I'm surprised no one has yet asked the most burning question that first came to my mind. Why was the original broadcast intentionally made blurry?

They used a non-standard video format (see the Wired article for more details) and a lot of detail was lost when the video was converted for TV. (On preview: what peacay said.)

According to Wired it seems likt NASA didn't care much in the beginning: "There was one hitch, though: The space agency itself wasn't being helpful. After a few inquiries into the current whereabouts of the tape, the gang ran into red tape and, more surprisingly, indifference. --- NASA now officially acknowledges that the tapes are missing and has given Nafzger permission to spend part of his workday searching for them."
posted by Termite at 7:36 AM on January 11, 2007


I loved the photos that A Thousand Baited Hooks linked to (and which may also have inspired those behind "The Dish"). This was back in the day when suits were suits and nerds were nerds - no problem telling which is which.
posted by rongorongo at 7:48 AM on January 11, 2007


Fascinating, thanks Termite!

there's now a pretty large team combing through warehouses, storage rooms and archives looking for the data.

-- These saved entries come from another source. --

Lemma exp2N_lt (R : realType) (d : R) : 0 < d -> exists N : nat, 2%:R ^- N < d.
Proof.
move=> d_gt0; exists (Num.bound d^-1).
rewrite invf_plt ?posrE ?exprn_gt0 ?ltr0n //.
apply: lt_trans (archi_boundP _) _; first by rewrite invr_ge0 ltW.
by rewrite -natrX ltr_nat ltn_expl.
Qed.

Lemma rat_between_exp2N (R : realType) (a b : R) : a < b ->
  exists N (r : rat), a + 2%:R ^- N < ratr r < b - 2%:R ^- N.
Proof.
move=> ab; have [N eN] : exists N : nat, 2%:R ^- N < (b - a) / 2 by apply: exp2N_lt; lra.
have /rat_in_itvoo[r] : a + 2%:R ^- N < b - 2%:R ^- N by lra.
by rewrite in_itv /=; exists N, r.
Qed.

Lemma limn_sup_flo_le_ihi (R : realType) (phi : forecasting_system R) (w : bpath)
    (I : Defs.interval R) :
  computable_fs phi -> CH_random phi w -> CH_random (const_fs I) w ->
  limn_sup (fun n => flo phi (wprefix w n)) <= ihi I.
Proof.
move=> [ql [_ [ql_rec _ ql_approx _]]] phi_rand I_rand.
set L := limn_sup _; rewrite leNgt; apply/negP => /rat_between_exp2N[N [r]].
set e : R := 2%:R ^- N => /andP[r_gt r_lt].
have approx s : - e < flo phi s - ratr (ql s N) < e by rewrite -ltr_norml; apply: ql_approx.
pose S s := r < ql s N.
have S_rec : recursive_selection S :=
  recursive_selection_ltq (recursive_s_rat_const r) (recursive_sn_rat_at N ql_rec).
have S_approx s : S s = (ratr r < ratr (ql s N) :> R) by rewrite ltr_rat.
have flo_often : frequently (fun n => ratr r + e < flo phi (wprefix w n)).
  by apply: (limn_sup_gt_frequently (bounded_fun_flo phi w)); rewrite -/L; lra.
have S_often : frequently (fun n => S (wprefix w n)).
  move=> M; have [n Mn flo_gt] := flo_often M; exists n => //.
  by rewrite S_approx; have /andP[] := approx (wprefix w n); lra.
have S_cnt := sel_count_unbounded S_often.
have [phi_ge0 _] := phi_rand S S_rec S_cnt; have [_ I_le0] := I_rand S S_rec S_cnt.
apply: (sel_avg_gap_absurd (ratr r - e - ihi I) _ _ _ _ S_cnt phi_ge0 I_le0).
- lra.
- by move=> s; apply: ilo_in01.
- by move=> s; apply: ihi_in01.
- by move=> s; rewrite S_approx /fhi /=; have /andP[] := approx s; lra.
Qed.

Lemma ilo_le_limn_inf_flo (R : realType) (phi : forecasting_system R) (w : bpath)
    (I : Defs.interval R) :
  precise phi -> computable_fs phi -> CH_random phi w -> CH_random (const_fs I) w ->
  ilo I <= limn_inf (fun n => flo phi (wprefix w n)).
Proof.
move=> phi_precise [ql [_ [ql_rec _ ql_approx _]]] phi_rand I_rand.
set L := limn_inf _; rewrite leNgt; apply/negP => /rat_between_exp2N[N [r]].
set e : R := 2%:R ^- N => /andP[r_gt r_lt].
have approx s : - e < flo phi s - ratr (ql s N) < e by rewrite -ltr_norml; apply: ql_approx.
pose S s := ql s N < r.
have S_rec : recursive_selection S :=
  recursive_selection_ltq (recursive_sn_rat_at N ql_rec) (recursive_s_rat_const r).
have S_approx s : S s = (ratr (ql s N) < ratr r :> R) by rewrite ltr_rat.
have flo_often : frequently (fun n => flo phi (wprefix w n) < ratr r - e).
  by apply: (limn_inf_lt_frequently (bounded_fun_flo phi w)); rewrite -/L; lra.
have S_often : frequently (fun n => S (wprefix w n)).
  move=> M; have [n Mn flo_lt] := flo_often M; exists n => //.
  by rewrite S_approx; have /andP[] := approx (wprefix w n); lra.
have S_cnt := sel_count_unbounded S_often.
have [_ phi_le0] := phi_rand S S_rec S_cnt; have [I_ge0 _] := I_rand S S_rec S_cnt.
apply: (sel_avg_gap_absurd (ilo I - (ratr r + e)) _ _ _ _ S_cnt I_ge0 phi_le0).
- lra.
- by move=> s; apply: ilo_in01.
- by move=> s; apply: ihi_in01.
- move=> s; rewrite S_approx /flo /= -[fhi phi s]phi_precise.
  by have /andP[] := approx s; lra.
Qed.

Theorem proposition16 (R : realType) (phi : forecasting_system R) (w : bpath) :
  precise phi -> computable_fs phi -> CH_random phi w ->
  `[limn_inf (fun n => flo phi (wprefix w n)),
    limn_sup (fun n => flo phi (wprefix w n))] `<=` I_CH w.
Proof.
move=> phi_precise phi_comp phi_rand x /=; rewrite in_itv /= => /andP[inf_le_x x_le_sup].
move=> I I_rand; apply/andP; split.
- by rewrite (le_trans _ inf_le_x) // ilo_le_limn_inf_flo.
- by rewrite (le_trans x_le_sup) // limn_sup_flo_le_ihi.
Qed.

I know someone who's working on this; they said that there's also a lot of stuff that people simply carried out of NASA in cardboard boxes when they retired. So the first step is to find those people ...
posted by carter at 8:38 AM on January 11, 2007


Everyone knows the lunar landing was a fraud.
posted by dead_ at 9:58 AM on January 11, 2007


I never would have guessed this. Termite is a damned dirty NASA disinformation agent. How do you live with yourself, man?
posted by nanojath at 10:44 AM on January 11, 2007


carter writes "they said that there's also a lot of stuff that people simply carried out of NASA in cardboard boxes when they retired."